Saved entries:
(* Let $\mathbb{B}$ be the structure defined in the context, let $t:B^k\to B$ be a polymorphism of $\mathbb{B}$, and let $i\in\{0,\dots,n\}$. Let $l_{a_1},l_{a_2},l_i,l_{i+1},\dots,l_n\in\mathbb{N}_0$ with $l_{a_1}+l_{a_2}+l_i+l_{i+1}+\dots+l_n=k$ and $p:=l_{a_1}+l_{a_2}\le l_i$. Suppose $$t(\underbrace{a_1,\dots,a_1}_{l_{a_1}},\underbrace{a_2,\dots,a_2}_{l_{a_2}},\underbrace{i,\dots,i}_{l_i},\underbrace{i+1,\dots,i+1}_{l_{i+1}},\dots,\underbrace{n,\dots,n}_{l_n})=i.$$ Then for all $x_1,\dots,x_{l_i-p}\in\{0,1,\dots,i-1\}$, $$t(\underbrace{a_1,\dots,a_1}_{p},\underbrace{a_2,\dots,a_2}_{p},x_1,\dots,x_{l_i-p},\underbrace{i+1,\dots,i+1}_{l_{i+1}},\dots,\underbrace{n,\dots,n}_{l_n})\neq a_1$$ and $$t(\underbrace{a_2,\dots,a_2}_{p},\underbrace{a_1,\dots,a_1}_{p},x_1,\dots,x_{l_i-p},\underbrace{i+1,\dots,i+1}_{l_{i+1}},\dots,\underbrace{n,\dots,n}_{l_n})\neq a_2.$$ The same holds if one fixed permutation of the $k$ coordinate positions is applied to the hypothesis tuple and to the conclusion tuples.
   Context: Fix an integer $n\ge0$. Let $B=\{a_1,a_2,0,1,\dots,n\}$ and, for $r\in\{0,\dots,n+1\}$, let $B_r=\{a_1,a_2,0,1,\dots,r-1\}$ (so $B_0=\{a_1,a_2\}$, $B_{n+1}=B$), with the linear order $a_1<a_2<0<1<\dots<n$. For $i\in\{0,\dots,n\}$ and $j\in\{1,2\}$ let $$R_i^{(j)}=\Big(B_i\times\{a_1,a_2,i\}\setminus\{(a_j,i)\}\Big)\cup\{(r,r): i<r\le n\}\subseteq B^2.$$ Let $\mathbb{B}$ be the relational structure with universe $B$ whose relations are all $R_i^{(j)}$ ($i\in\{0,\dots,n\}$, $j\in\{1,2\}$) together with every nonempty subset $X\subseteq B$ as a unary relation. A polymorphism of $\mathbb{B}$ is an operation $t:B^k\to B$ compatible with all these relations, where compatibility with a relation $R$ means that applying $t$ coordinatewise to any $k$ tuples of $R$ yields a tuple of $R$. *)

From mathcomp Require Import all_boot all_fingroup.
Set Implicit Arguments. Unset Strict Implicit. Unset Printing Implicit Defensive.

(* Universe B = {a1, a2, 0, 1, ..., n}, encoded as option (option 'I_n.+1):
   a1 = None, a2 = Some None, r = Some (Some r). *)
Definition B (n : nat) : finType := option (option 'I_n.+1).
Definition a1 {n : nat} : B n := None.
Definition a2 {n : nat} : B n := Some None.
Definition num {n : nat} (r : 'I_n.+1) : B n := Some (Some r).

Definition inBr {n : nat} (r : nat) (x : B n) : bool :=
  match x with
  | None => true
  | Some None => true
  | Some (Some s) => (s < r)%N
  end.

Definition aj {n : nat} (j : 'I_2) : B n := if val j == 0%N then a1 else a2.

Definition Rrel {n : nat} (i : 'I_n.+1) (j : 'I_2) (x y : B n) : bool :=
  [&& inBr i x, y \in [:: a1; a2; num i] & ~~ ((x == aj j) && (y == num i))]
  || [exists r : 'I_n.+1, [&& (i < r)%N, x == num r & y == num r]].

Definition is_polymorphism {n k : nat} (t : {ffun 'I_k -> B n} -> B n) : Prop :=
  (forall (i : 'I_n.+1) (j : 'I_2) (x y : {ffun 'I_k -> B n}),
      (forall m : 'I_k, Rrel i j (x m) (y m)) -> Rrel i j (t x) (t y))
  /\ (forall X : {set B n}, X != set0 ->
      forall x : {ffun 'I_k -> B n}, (forall m : 'I_k, x m \in X) -> t x \in X).

Definition tupleOf {n : nat} (k : nat) (s : seq (B n)) : {ffun 'I_k -> B n} :=
  [ffun m : 'I_k => nth a1 s m].

Definition permute {n k : nat} (sigma : 'S_k) (x : {ffun 'I_k -> B n})
  : {ffun 'I_k -> B n} := [ffun m => x (sigma m)].

Definition tailBlock {n : nat} (i : 'I_n.+1) (l : 'I_n.+1 -> nat) : seq (B n) :=
  flatten [seq nseq (l r) (num r) | r : 'I_n.+1 <- [seq r <- enum (ordinal n.+1) | (i < nat_of_ord r)%N]].

From mathcomp Require Import all_boot all_fingroup.
Set Implicit Arguments. Unset Strict Implicit. Unset Printing Implicit Defensive.

(* Column by column, the conclusion
   tuple is R_i^(j)-related to the hypothesis tuple:  a_j faces a_1 or a_2,
   the other constant and the x's (all in B_i, none equal to a_j) face i, and
   the tail block faces itself.  Since t preserves R_i^(j) and sends the
   hypothesis tuple to i, the value v of t on the conclusion tuple satisfies
   (v, i) in R_i^(j), which excludes v = a_j. *)

Section All2.
Variables (S T : Type) (r : S -> T -> bool).

Lemma all2_cat (s1 s2 : seq S) (t1 t2 : seq T) :
  all2 r s1 t1 -> all2 r s2 t2 -> all2 r (s1 ++ s2) (t1 ++ t2).
Proof. by elim: s1 t1 => [|x s1 IH] [|y t1] //= /andP[-> /IH]. Qed.

Lemma all2_nseql x (s : seq T) : all (r x) s -> all2 r (nseq (size s) x) s.
Proof. by elim: s => //= y s IH /andP[-> /IH]. Qed.

Lemma all2_nseqr y (s : seq S) :
  all (fun x => r x y) s -> all2 r s (nseq (size s) y).
Proof. by elim: s => //= x s IH /andP[-> /IH]. Qed.

Lemma all2_nseq m x y : r x y -> all2 r (nseq m x) (nseq m y).
Proof. by move=> rxy; elim: m => //= m ->; rewrite rxy. Qed.

Lemma size_all2 (s : seq S) (t : seq T) : all2 r s t -> size s = size t.
Proof. by elim: s t => [|x s IH] [|y t] //= /andP[_ /IH ->]. Qed.

Lemma all2_nth x0 y0 (s : seq S) (t : seq T) m :
  all2 r s t -> m < size s -> r (nth x0 s m) (nth y0 t m).
Proof.
elim: s t m => [|x s IH] [|y t] [|m] //= /andP[rxy rst] ltms //.
exact: IH.
Qed.

End All2.

Lemma all2_refl (T : Type) (r : T -> T -> bool) (s : seq T) :
  all (fun x => r x x) s -> all2 r s s.
Proof. by elim: s => //= x s IH /andP[-> /IH]. Qed.

Section Relations.
Variables (n : nat) (i : 'I_n.+1) (j : 'I_2).

Lemma inBr_aj r : inBr r (aj j : B n).
Proof. by rewrite /aj; case: ifP. Qed.

Lemma num_neq_aj r : num r != aj j :> B n.
Proof. by rewrite /aj; case: ifP. Qed.

Lemma Rrel_num_neq_aj x : Rrel i j x (num i) -> x != aj j.
Proof.
case/orP=> [/and3P[_ _]|/existsP[r /and3P[ltir _ /eqP[eri]]]].
  by rewrite eqxx andbT.
by rewrite eri ltnn in ltir.
Qed.

Lemma Rrel_num x : inBr i x -> x != aj j -> Rrel i j x (num i).
Proof.
by move=> xBi xj; apply/orP; left; rewrite xBi !inE eqxx !orbT (negbTE xj).
Qed.

Lemma Rrel_a1a2 x y : inBr i x -> y \in [:: a1; a2] -> Rrel i j x y.
Proof.
by move=> xBi; rewrite !inE => /orP[] /eqP->; rewrite /Rrel xBi !inE eqxx ?orbT andbF.
Qed.

Lemma Rrel_tailBlock (l : 'I_n.+1 -> nat) :
  all2 (Rrel i j) (tailBlock i l) (tailBlock i l).
Proof.
apply/all2_refl/allP => x /flatten_mapP[r]; rewrite mem_filter.
case/andP=> ltir _ /nseqP[-> _].
by apply/orP; right; apply/existsP; exists r; rewrite ltir eqxx.
Qed.

End Relations.

Lemma size_tailBlock n (i : 'I_n.+1) (l : 'I_n.+1 -> nat) :
  size (tailBlock i l) = \sum_(r < n.+1 | i < r) l r.
Proof.
rewrite size_flatten /shape -map_comp sumnE big_map big_filter big_enum_cond.
by apply: eq_bigr => r _; rewrite /= size_nseq.
Qed.

Lemma sum_geq_split n (i : 'I_n.+1) (l : 'I_n.+1 -> nat) :
  \sum_(r < n.+1 | i <= r) l r = l i + \sum_(r < n.+1 | i < r) l r.
Proof.
rewrite (bigD1 i) //=; congr (_ + _); apply: eq_bigl => r.
by rewrite ltn_neqAle andbC eq_sym.
Qed.

Lemma polymorphism_all2 n k (t : {ffun 'I_k -> B n} -> B n) i j sigma
    (s1 s2 : seq (B n)) :
  is_polymorphism t -> size s1 = k -> all2 (Rrel i j) s1 s2 ->
  Rrel i j (t (permute sigma (tupleOf k s1))) (t (permute sigma (tupleOf k s2))).
Proof.
move=> [ht _] sz12 r12; apply: ht => m; rewrite !ffunE.
by apply: all2_nth r12 _; rewrite sz12.
Qed.

Section Conclusion.
Variables (n k : nat) (t : {ffun 'I_k -> B n} -> B n).
Hypothesis ht : is_polymorphism t.
Variables (i : 'I_n.+1) (la1 la2 : nat) (l : 'I_n.+1 -> nat) (sigma : 'S_k).
Hypothesis hsum : la1 + la2 + \sum_(r < n.+1 | i <= r) l r = k.
Hypothesis hp : la1 + la2 <= l i.
Hypothesis hyp : t (permute sigma (tupleOf k
  (nseq la1 a1 ++ nseq la2 a2 ++ nseq (l i) (num i) ++ tailBlock i l))) = num i.

Lemma polymorphism_neq_aj j b (xs : seq 'I_n.+1) :
    inBr i b -> b != aj j ->
    size xs = l i - (la1 + la2) -> all (fun x : 'I_n.+1 => x < i) xs ->
  t (permute sigma (tupleOf k (nseq (la1 + la2) (aj j) ++
     nseq (la1 + la2) b ++ map num xs ++ tailBlock i l))) != aj j.
Proof.
move=> bBi bj szxs xsi; apply: (@Rrel_num_neq_aj n i); rewrite -hyp.
have split_li : nseq (l i) (num i) =
    nseq (la1 + la2) (num i) ++ nseq (size (map num xs)) (@num n i).
  by rewrite size_map szxs -nseqD subnKC.
have head_a1a2 : all2 (Rrel i j) (nseq (la1 + la2) (aj j))
                                 (nseq la1 a1 ++ nseq la2 a2).
  have -> : la1 + la2 = size (nseq la1 (@a1 n) ++ nseq la2 a2).
    by rewrite size_cat !size_nseq.
  apply: all2_nseql; apply/allP => y; rewrite mem_cat => /orP[] /nseqP[-> _];
    by apply: Rrel_a1a2; rewrite ?inBr_aj ?inE ?eqxx ?orbT.
have xs_num : all2 (Rrel i j) (map num xs) (nseq (size (map num xs)) (num i)).
  apply: all2_nseqr; apply/allP => _ /mapP[x xin ->].
  by apply: Rrel_num; [exact: (allP xsi) | exact: num_neq_aj].
apply: polymorphism_all2 => //.
  rewrite !size_cat size_map szxs !size_nseq size_tailBlock -hsum sum_geq_split.
  by congr (_ + _); rewrite addnA subnKC.
rewrite split_li -catA [X in all2 _ _ X]catA.
apply: all2_cat head_a1a2 _; apply: all2_cat (all2_nseq _ (Rrel_num bBi bj)) _.
exact: all2_cat xs_num (Rrel_tailBlock _ _ _).
Qed.

End Conclusion.

Theorem mainTheorem8 (n k : nat) (t : {ffun 'I_k -> B n} -> B n)
  (ht : is_polymorphism t) (i : 'I_n.+1)
  (la1 la2 : nat) (l : 'I_n.+1 -> nat)
  (hsum : (la1 + la2 + \sum_(r < n.+1 | (i <= r)%N) l r)%N = k)
  (hp : (la1 + la2 <= l i)%N)
  (sigma : 'S_k)
  (hyp : t (permute sigma (tupleOf k
            (nseq la1 a1 ++ nseq la2 a2 ++ nseq (l i) (num i) ++ tailBlock i l)))
         = num i) :
  forall xs : seq 'I_n.+1,
    size xs = (l i - (la1 + la2))%N ->
    all (fun x : 'I_n.+1 => (x < i)%N) xs ->
    t (permute sigma (tupleOf k
        (nseq (la1 + la2) a1 ++ nseq (la1 + la2) a2 ++ map num xs ++ tailBlock i l)))
      != a1
    /\
    t (permute sigma (tupleOf k
        (nseq (la1 + la2) a2 ++ nseq (la1 + la2) a1 ++ map num xs ++ tailBlock i l)))
      != a2.
Proof.
move=> xs szxs xsi.
split; first exact: (polymorphism_neq_aj ht hsum hp hyp (j := ord0)).
exact: (polymorphism_neq_aj ht hsum hp hyp (j := ord_max)).
Qed.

PROBLEM TO SOLVE: As listed above, the lines from the line with "l))) = num i." to the line with "End Conclusion." are to be echoed exactly, with both ends included and nothing added.

OUTPUT FOR THIS TASK:
  (nseq la1 a1 ++ nseq la2 a2 ++ nseq (l i) (num i) ++ tailBlock i l))) = num i.

Lemma polymorphism_neq_aj j b (xs : seq 'I_n.+1) :
    inBr i b -> b != aj j ->
    size xs = l i - (la1 + la2) -> all (fun x : 'I_n.+1 => x < i) xs ->
  t (permute sigma (tupleOf k (nseq (la1 + la2) (aj j) ++
     nseq (la1 + la2) b ++ map num xs ++ tailBlock i l))) != aj j.
Proof.
move=> bBi bj szxs xsi; apply: (@Rrel_num_neq_aj n i); rewrite -hyp.
have split_li : nseq (l i) (num i) =
    nseq (la1 + la2) (num i) ++ nseq (size (map num xs)) (@num n i).
  by rewrite size_map szxs -nseqD subnKC.
have head_a1a2 : all2 (Rrel i j) (nseq (la1 + la2) (aj j))
                                 (nseq la1 a1 ++ nseq la2 a2).
  have -> : la1 + la2 = size (nseq la1 (@a1 n) ++ nseq la2 a2).
    by rewrite size_cat !size_nseq.
  apply: all2_nseql; apply/allP => y; rewrite mem_cat => /orP[] /nseqP[-> _];
    by apply: Rrel_a1a2; rewrite ?inBr_aj ?inE ?eqxx ?orbT.
have xs_num : all2 (Rrel i j) (map num xs) (nseq (size (map num xs)) (num i)).
  apply: all2_nseqr; apply/allP => _ /mapP[x xin ->].
  by apply: Rrel_num; [exact: (allP xsi) | exact: num_neq_aj].
apply: polymorphism_all2 => //.
  rewrite !size_cat size_map szxs !size_nseq size_tailBlock -hsum sum_geq_split.
  by congr (_ + _); rewrite addnA subnKC.
rewrite split_li -catA [X in all2 _ _ X]catA.
apply: all2_cat head_a1a2 _; apply: all2_cat (all2_nseq _ (Rrel_num bBi bj)) _.
exact: all2_cat xs_num (Rrel_tailBlock _ _ _).
Qed.

End Conclusion.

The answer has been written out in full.